Your human IAM permissions (what you can do in the AWS console +
CLI) are independent from both the pod's IRSA role AND the access
entry. AmazonEKSClusterAdminPolicy is a K8s-side policy mapped
through EKS; your IAM policy is whatever your SSO role grants you at
the AWS API layer.
How the three layers compose in practice
You ask "why can't Clu list my Secrets?" and the answer depends on which layer is denying:
- Clu's SA missing RBAC → chat shows
error_kind: permission_denied ... list on Secret ... forbidden by RBAC, paste-ready fix targets the reader ClusterRole above. - Clu's IRSA role missing IAM → same shape,
error_kind: permission_denied ... aws:secretsmanager, paste-ready fix targets the Cloud JSON in IAM setup. - Your kubectl user missing access → EKS returns 401/403 on
your
kubectlcall; Clu never sees the request. Check your access entry:aws eks list-access-entries --cluster-name <name>.

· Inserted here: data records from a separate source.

(* Let $(E,\rho_\theta)$ be a complete $b_v(\theta)$ metric space whose function $\theta$ is bounded, and let $S:E\to E$ be such that there is $c\in[0,1)$ with $\rho_\theta(Su,Sw)\le c\,\rho_\theta(u,w)$ for all $u,w\in E$. Then $S$ has a unique fixed point.
   Context: Let $E$ be a nonempty set, $\theta:E\times E\to[1,\infty)$ a function and $v\in\mathbb{N}$. A map $\rho_\theta:E\times E\to[0,\infty)$ is a $b_v(\theta)$ metric (and $(E,\rho_\theta)$ a $b_v(\theta)$ metric space) if for all $u,w\in E$: $\rho_\theta(u,w)=0$ iff $u=w$; $\rho_\theta(u,w)=\rho_\theta(w,u)$; and for all $u,z_1,\dots,z_v,w\in E$ pairwise distinct, $\rho_\theta(u,w)\le\theta(u,w)[\rho_\theta(u,z_1)+\rho_\theta(z_1,z_2)+\dots+\rho_\theta(z_{v-1},z_v)+\rho_\theta(z_v,w)]$. A sequence $\{u_n\}$ converges to $u$ if for every $\varepsilon>0$ there is $n_0$ with $\rho_\theta(u_n,u)<\varepsilon$ for all $n\ge n_0$; it is Cauchy if for every $\varepsilon>0$ there is $n_0$ with $\rho_\theta(u_n,u_{n+p})<\varepsilon$ for all $n\ge n_0$ and $p>0$; the space is complete if every Cauchy sequence converges in $E$. *)

From Stdlib Require Import Reals List.
Import ListNotations.
Open Scope R_scope.

Fixpoint chain_sum {E : Type} (rho : E -> E -> R) (x : E) (l : list E) : R :=
  match l with
  | [] => 0
  | y :: l' => rho x y + chain_sum rho y l'
  end.

Definition is_bv_metric {E : Type} (v : nat) (theta : E -> E -> R)
  (rho : E -> E -> R) : Prop :=
  (forall u w, 1 <= theta u w) /\
  (forall u w, 0 <= rho u w) /\
  (forall u w, rho u w = 0 <-> u = w) /\
  (forall u w, rho u w = rho w u) /\
  (forall (u w : E) (zs : list E),
      length zs = v -> NoDup (u :: zs ++ [w]) ->
      rho u w <= theta u w * chain_sum rho u (zs ++ [w])).

Definition bv_converges {E : Type} (rho : E -> E -> R) (s : nat -> E) (u : E) : Prop :=
  forall eps, 0 < eps -> exists n0, forall n, (n >= n0)%nat -> rho (s n) u < eps.

Definition bv_cauchy {E : Type} (rho : E -> E -> R) (s : nat -> E) : Prop :=
  forall eps, 0 < eps -> exists n0, forall n p, (n >= n0)%nat -> (p > 0)%nat ->
    rho (s n) (s (n + p)%nat) < eps.

Definition bv_complete {E : Type} (rho : E -> E -> R) : Prop :=
  forall s : nat -> E, bv_cauchy rho s -> exists u, bv_converges rho s u.

From Stdlib Require Import Reals List Arith Lia Lra Classical FinFun Permutation.
Import ListNotations.
Open Scope R_scope.

(* The Picard orbit x_n = S^n e0 is either eventually periodic, and then its
   periodic points are fixed because S^q is a strict contraction, or injective.
   In the injective case the relaxed triangle inequality may be applied along
   pairwise distinct orbit points.  Along the chain x_0, x_L, ..., x_vL, x_k it
   gives d(x_0, x_k) <= M v d(x_0, x_L) + M c^(vL) d(x_0, x_(k-vL)), and for L
   large M c^(vL) <= 1/2, so the distances d(x_0, x_k) are bounded; hence
   d(x_n, x_(n+p)) <= c^n d(x_0, x_p) makes the orbit Cauchy.  Along the chain
   u, x_(n+1), ..., x_(n+v), S u every link is small when u is the limit, so
   d(u, S u) = 0. *)

Lemma pow_le1 (c : R) (n : nat) : 0 <= c <= 1 -> c ^ n <= 1.
Proof. intros Hc; induction n; simpl; nra. Qed.

Lemma pow_mul_eventually_lt (c K eps : R) :
  0 <= c < 1 -> 0 <= K -> 0 < eps ->
  exists N, forall n, (N <= n)%nat -> c ^ n * K < eps.
Proof.
  intros Hc HK Heps.
  destruct (pow_lt_1_zero c ltac:(rewrite Rabs_pos_eq; lra) (eps / (K + 1))
              ltac:(apply Rdiv_lt_0_compat; lra)) as [N HN].
  exists N. intros n Hn. specialize (HN n Hn).
  pose proof (pow_le c n (proj1 Hc)) as Hpow.
  rewrite Rabs_pos_eq in HN by exact Hpow.
  replace eps with (eps / (K + 1) * (K + 1)) by (field; lra). nra.
Qed.

Lemma prefix_bounded (a : nat -> R) (n : nat) :
  exists K, forall j, (j <= n)%nat -> a j <= K.
Proof.
  induction n as [|n [K HK]].
  - exists (a 0%nat). intros j Hj. replace j with 0%nat by lia. lra.
  - exists (Rmax K (a (S n))). intros j Hj.
    destruct (Nat.eq_dec j (S n)) as [->|Hne]; [apply Rmax_r|].
    eapply Rle_trans; [apply HK; lia | apply Rmax_l].
Qed.

Lemma bounded_of_halving_recurrence (a : nat -> R) (m : nat) (A : R) :
  (0 < m)%nat -> (forall k, (m < k)%nat -> a k <= A + a (k - m)%nat / 2) ->
  exists K, forall k, a k <= K.
Proof.
  intros Hm Hrec. destruct (prefix_bounded a m) as [K0 HK0].
  exists (Rmax K0 (2 * A)).
  assert (Hupto : forall n k, (k <= n)%nat -> a k <= Rmax K0 (2 * A)).
  { induction n as [|n IH]; intros k Hk.
    - eapply Rle_trans; [apply HK0; lia | apply Rmax_l].
    - destruct (le_lt_dec k m) as [Hkm|Hkm].
      + eapply Rle_trans; [apply HK0; lia | apply Rmax_l].
      + pose proof (Hrec k Hkm). pose proof (IH (k - m)%nat ltac:(lia)).
        pose proof (Rmax_r K0 (2 * A)). lra. }
  intros k. exact (Hupto k k (le_n k)).
Qed.

Lemma injective_eventually_neq {A : Type} (x : nat -> A) (y : A) :
  Injective x -> exists N, forall i, (N < i)%nat -> x i <> y.
Proof.
  intros Hinj. destruct (classic (exists j, x j = y)) as [[j Hj]|Hnone].
  - exists j. intros i Hi Hxi. rewrite <- Hj in Hxi. apply Hinj in Hxi. lia.
  - exists 0%nat. intros i _ Hxi. apply Hnone. eauto.
Qed.

Lemma injective_of_no_repeat {A : Type} (x : nat -> A) :
  ~ (exists n m, (n < m)%nat /\ x n = x m) -> Injective x.
Proof.
  intros Hnorep n m Hx.
  destruct (lt_eq_lt_dec n m) as [[Hlt|Heq]|Hlt]; auto;
    exfalso; apply Hnorep; eauto.
Qed.

Lemma NoDup_chain {A : Type} (a b : A) (l : list A) :
  NoDup l -> ~ In a l -> ~ In b l -> a <> b -> NoDup (a :: l ++ [b]).
Proof.
  intros Hl Ha Hb Hab. constructor.
  - rewrite in_app_iff. simpl. intuition.
  - apply (Permutation_NoDup (Permutation_cons_append l b)). constructor; auto.
Qed.

Lemma chain_sum_nonneg {E : Type} (rho : E -> E -> R) (a : E) (l : list E) :
  (forall u w, 0 <= rho u w) -> 0 <= chain_sum rho a l.
Proof.
  intros Hpos. revert a. induction l as [|y l IH]; intros a; simpl; [lra|].
  pose proof (Hpos a y). pose proof (IH y). lra.
Qed.

Lemma chain_sum_map_seq_le {E : Type} (rho : E -> E -> R) (f : nat -> E)
    (b : E) (D : R) (n s : nat) :
  (forall i, (s <= i)%nat -> rho (f i) (f (S i)) <= D) ->
  chain_sum rho (f s) (map f (seq (S s) n) ++ [b])
    <= INR n * D + rho (f (s + n)%nat) b.
Proof.
  revert s. induction n as [|n IH]; intros s Hstep.
  - simpl. rewrite Nat.add_0_r. lra.
  - cbn [seq map app chain_sum]. rewrite S_INR.
    pose proof (Hstep s (le_n s)).
    assert (Htail := IH (S s) ltac:(intros i Hi; apply Hstep; lia)).
    replace (s + S n)%nat with (S s + n)%nat by lia. lra.
Qed.

Section BvMetric.

Variables (E : Type) (v : nat) (theta rho : E -> E -> R) (M : R).
Hypothesis rho_bv : is_bv_metric v theta rho.
Hypothesis theta_le : forall u w, theta u w <= M.

Lemma dist_ge0 u w : 0 <= rho u w.
Proof. apply rho_bv. Qed.

Lemma dist_eq0 u w : rho u w = 0 <-> u = w.
Proof. apply rho_bv. Qed.

Lemma dist_sym u w : rho u w = rho w u.
Proof. apply rho_bv. Qed.

Lemma theta_bound_ge1 (u : E) : 1 <= M.
Proof. destruct rho_bv as [Hth _]. pose proof (Hth u u). pose proof (theta_le u u). lra. Qed.

Lemma dist_le_chain_sum u w zs :
  length zs = v -> NoDup (u :: zs ++ [w]) ->
  rho u w <= M * chain_sum rho u (zs ++ [w]).
Proof.
  intros Hlen Hnd. destruct rho_bv as (_ & _ & _ & _ & Htri).
  eapply Rle_trans; [exact (Htri u w zs Hlen Hnd)|].
  apply Rmult_le_compat_r; [apply chain_sum_nonneg, dist_ge0 | apply theta_le].
Qed.

Section Contraction.

Variables (T : E -> E) (c : R).
Hypothesis c_range : 0 <= c < 1.
Hypothesis T_contraction : forall u w, rho (T u) (T w) <= c * rho u w.

Lemma contraction_nonexpansive u w : rho (T u) (T w) <= rho u w.
Proof. pose proof (T_contraction u w). pose proof (dist_ge0 u w). nra. Qed.

Lemma iter_contraction n u w :
  rho (Nat.iter n T u) (Nat.iter n T w) <= c ^ n * rho u w.
Proof.
  induction n as [|n IH]; simpl; [lra|].
  eapply Rle_trans; [apply T_contraction|]. nra.
Qed.

Lemma contraction_fixed_point_unique u w : T u = u -> T w = w -> u = w.
Proof.
  intros Hu Hw. apply dist_eq0.
  pose proof (T_contraction u w) as H. rewrite Hu, Hw in H.
  pose proof (dist_ge0 u w). nra.
Qed.

Lemma periodic_point_fixed q y : (0 < q)%nat -> Nat.iter q T y = y -> T y = y.
Proof.
  intros Hq Hy. apply dist_eq0.
  pose proof (iter_contraction q (T y) y) as H.
  rewrite Nat.iter_swap, Hy in H.
  pose proof (pow_lt_1_compat c q c_range Hq). pose proof (dist_ge0 (T y) y). nra.
Qed.

Section Orbit.

Variable e0 : E.

Let x (n : nat) : E := Nat.iter n T e0.

Lemma orbit_repeat_fixed n m : (n < m)%nat -> x n = x m -> T (x n) = x n.
Proof.
  intros Hnm Hx. apply (periodic_point_fixed (m - n)); [lia|].
  unfold x. rewrite <- Nat.iter_add. replace (m - n + n)%nat with m by lia.
  symmetry. exact Hx.
Qed.

Lemma orbit_dist n p : rho (x n) (x (n + p)) <= c ^ n * rho (x 0) (x p).
Proof. unfold x. rewrite Nat.iter_add. apply iter_contraction. Qed.

Hypothesis v_pos : (1 <= v)%nat.
Hypothesis x_inj : Injective x.

(* the relaxed triangle inequality along x_0, x_L, x_2L, ..., x_vL, x_k *)
Lemma orbit_dist_recurrence L k : (0 < L)%nat -> (v * L < k)%nat ->
  rho (x 0) (x k) <= M * (INR v * rho (x 0) (x L))
                     + M * c ^ (v * L) * rho (x 0) (x (k - v * L)).
Proof.
  intros HL Hk. set (f i := x (i * L)%nat).
  assert (Hnd : NoDup (x 0 :: map f (seq 1 v) ++ [x k])).
  { apply NoDup_chain.
    - apply Injective_map_NoDup; [|apply seq_NoDup].
      intros i j Hij. apply x_inj in Hij. nia.
    - rewrite in_map_iff. intros (i & Hi & Hin). apply in_seq in Hin.
      apply x_inj in Hi. nia.
    - rewrite in_map_iff. intros (i & Hi & Hin). apply in_seq in Hin.
      apply x_inj in Hi. nia.
    - intros H0k. apply x_inj in H0k. lia. }
  assert (Hchain := dist_le_chain_sum _ _ _
                      ltac:(rewrite length_map, length_seq; reflexivity) Hnd).
  assert (Hlast : rho (f v) (x k) <= c ^ (v * L) * rho (x 0) (x (k - v * L))).
  { unfold f. replace k with (v * L + (k - v * L))%nat at 1 by lia.
    apply orbit_dist. }
  assert (Hstep : forall i, rho (f i) (f (S i)) <= rho (x 0) (x L)).
  { intros i. unfold f. rewrite Nat.mul_succ_l.
    eapply Rle_trans; [apply orbit_dist|].
    pose proof (pow_le1 c (i * L) ltac:(lra)). pose proof (pow_le c (i * L) (proj1 c_range)).
    pose proof (dist_ge0 (x 0) (x L)). nra. }
  pose proof (chain_sum_map_seq_le rho f (x k) _ v 0 (fun i _ => Hstep i)) as Hsteps.
  simpl Nat.add in Hsteps. change (f 0%nat) with (x 0) in Hsteps.
  pose proof (theta_bound_ge1 e0). nra.
Qed.

Lemma orbit_dist_bounded : exists K, forall k, rho (x 0) (x k) <= K.
Proof.
  pose proof (theta_bound_ge1 e0) as HM.
  destruct (pow_mul_eventually_lt c M (/ 2) c_range ltac:(lra) ltac:(lra)) as [N HN].
  set (L := S N).
  assert (Hsmall : c ^ (v * L) * M < / 2) by (apply HN; unfold L; nia).
  apply (bounded_of_halving_recurrence (fun k => rho (x 0) (x k)) (v * L)
           (M * (INR v * rho (x 0) (x L)))); [unfold L; nia|].
  intros k Hk. cbv beta.
  eapply Rle_trans; [apply (orbit_dist_recurrence L k); unfold L; lia|].
  pose proof (dist_ge0 (x 0) (x (k - v * L))). nra.
Qed.

Lemma orbit_cauchy : bv_cauchy rho x.
Proof.
  destruct orbit_dist_bounded as [K HK].
  assert (HK0 : 0 <= K) by (eapply Rle_trans; [apply dist_ge0 | apply (HK 0%nat)]).
  intros eps Heps. destruct (pow_mul_eventually_lt c K eps c_range HK0 Heps) as [N HN].
  exists N. intros n p Hn _. eapply Rle_lt_trans; [apply orbit_dist|].
  pose proof (HN n Hn). pose proof (HK p). pose proof (pow_le c n (proj1 c_range)). nra.
Qed.

(* the relaxed triangle inequality along u, x_(n+1), ..., x_(n+v), T u *)
Lemma orbit_limit_image_dist_le u : bv_converges rho x u -> T u <> u ->
  forall eps, 0 < eps -> rho u (T u) <= M * ((INR v + 1) * eps).
Proof.
  intros Hconv Hne eps Heps.
  destruct (orbit_cauchy eps Heps) as [N1 HN1].
  destruct (Hconv eps Heps) as [N2 HN2].
  destruct (injective_eventually_neq x u x_inj) as [n1 Hn1].
  destruct (injective_eventually_neq x (T u) x_inj) as [n2 Hn2].
  set (n := (N1 + N2 + n1 + n2)%nat).
  assert (Hnd : NoDup (u :: map x (seq (S n) v) ++ [T u])).
  { apply NoDup_chain; [apply Injective_map_NoDup; [exact x_inj | apply seq_NoDup]
                        | | | congruence];
      rewrite in_map_iff; intros (i & Hi & Hin); apply in_seq in Hin;
      [apply (Hn1 i) | apply (Hn2 i)]; unfold n in *; auto; lia. }
  assert (Hchain := dist_le_chain_sum _ _ _
                      ltac:(rewrite length_map, length_seq; reflexivity) Hnd).
  set (v' := (v - 1)%nat). assert (Hv : v = S v') by (unfold v'; lia).
  rewrite Hv in Hchain. cbn [seq map app chain_sum] in Hchain.
  assert (Hfirst : rho u (x (S n)) < eps)
    by (rewrite dist_sym; apply HN2; unfold n; lia).
  assert (Hsteps : chain_sum rho (x (S n)) (map x (seq (S (S n)) v') ++ [T u])
                   <= INR v' * eps + rho (x (S n + v')) (T u)).
  { apply chain_sum_map_seq_le. intros i Hi. rewrite <- Nat.add_1_r.
    apply Rlt_le, HN1; unfold n in *; lia. }
  assert (Hlast : rho (x (S n + v')) (T u) < eps).
  { replace (S n + v')%nat with (S (n + v')) by lia.
    eapply Rle_lt_trans; [apply contraction_nonexpansive|].
    apply HN2. unfold n. lia. }
  rewrite Hv, S_INR. pose proof (theta_bound_ge1 e0). nra.
Qed.

Lemma orbit_limit_fixed u : bv_converges rho x u -> T u = u.
Proof.
  intros Hconv. apply NNPP. intros Hne. set (r := rho u (T u)).
  assert (Hr : 0 < r).
  { destruct (dist_ge0 u (T u)) as [Hlt|Heq]; auto.
    exfalso. apply Hne. symmetry. apply dist_eq0. auto. }
  pose proof (theta_bound_ge1 e0) as HM. pose proof (pos_INR v) as Hv.
  assert (Heps : 0 < r / (2 * M * (INR v + 1))) by (apply Rdiv_lt_0_compat; nra).
  pose proof (orbit_limit_image_dist_le u Hconv Hne _ Heps) as Hle. fold r in Hle.
  replace (M * ((INR v + 1) * (r / (2 * M * (INR v + 1))))) with (r / 2) in Hle
    by (field; lra).
  lra.
Qed.

End Orbit.

Lemma contraction_has_fixed_point (e0 : E) :
  (1 <= v)%nat -> bv_complete rho -> exists u, T u = u.
Proof.
  intros Hv Hcomp. set (x n := Nat.iter n T e0).
  destruct (classic (exists n m, (n < m)%nat /\ x n = x m)) as [(n & m & Hnm & Hx)|Hnorep].
  - exists (x n). exact (orbit_repeat_fixed e0 n m Hnm Hx).
  - pose proof (injective_of_no_repeat x Hnorep) as Hinj.
    destruct (Hcomp x (orbit_cauchy e0 Hv Hinj)) as [u Hu].
    exists u. exact (orbit_limit_fixed e0 Hv Hinj u Hu).
Qed.

End Contraction.

End BvMetric.

Theorem mainTheorem9 (E : Type) (e0 : E) (v : nat) (theta rho : E -> E -> R)
  (S : E -> E) :
  (1 <= v)%nat ->
  is_bv_metric v theta rho ->
  bv_complete rho ->
  (exists M, forall u w, theta u w <= M) ->
  (exists c, 0 <= c < 1 /\ forall u w, rho (S u) (S w) <= c * rho u w) ->
  exists u, S u = u /\ forall w, S w = w -> w = u.
Proof.
  intros Hv Hbv Hcomp [M HM] (c & Hc & Hcontr).
  destruct (contraction_has_fixed_point _ _ _ _ _ Hbv HM _ _ Hc Hcontr e0 Hv Hcomp)
    as [u Hu].
  exists u. split; [exact Hu|].
  intros w Hw. exact (contraction_fixed_point_unique _ _ _ _ Hbv _ _ Hc Hcontr w u Hw Hu).
Qed.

The three are distinguishable because Clu's chat surfaces layer 1 and layer 2 via the structured error taxonomy, and layer 3 denies show up in your terminal (not in Clu) before the request even reaches the pod.
How to audit what's granted right now
# Layer 1 — IAM role attached policies
role_arn=$(kubectl get sa -n clu-ops clu-ops-agent \
-o jsonpath='{.metadata.annotations.eks\.amazonaws\.com/role-arn}')
role_name=${role_arn##*/}
aws iam list-role-policies --role-name "$role_name" # inline policies
aws iam list-attached-role-policies --role-name "$role_name" # managed
# Layer 2 — RBAC on the pod's SA
kubectl auth can-i --as=system:serviceaccount:clu-ops:clu-ops-agent --list
# Or for a specific verb:
kubectl auth can-i --as=system:serviceaccount:clu-ops:clu-ops-agent \
list secrets -n default
# Layer 3 — your own access
kubectl auth can-i --list # what your current kubeconfig user can do
aws eks list-access-entries --cluster-name <name> --region <region>
aws eks list-associated-access-policies --cluster-name <name> \
--principal-arn <your-role-arn> --region <region>
The first two commands are what Clu itself runs internally (or would, if self-introspection of RBAC becomes a tool — currently it isn't; the errors come from the actual calls failing).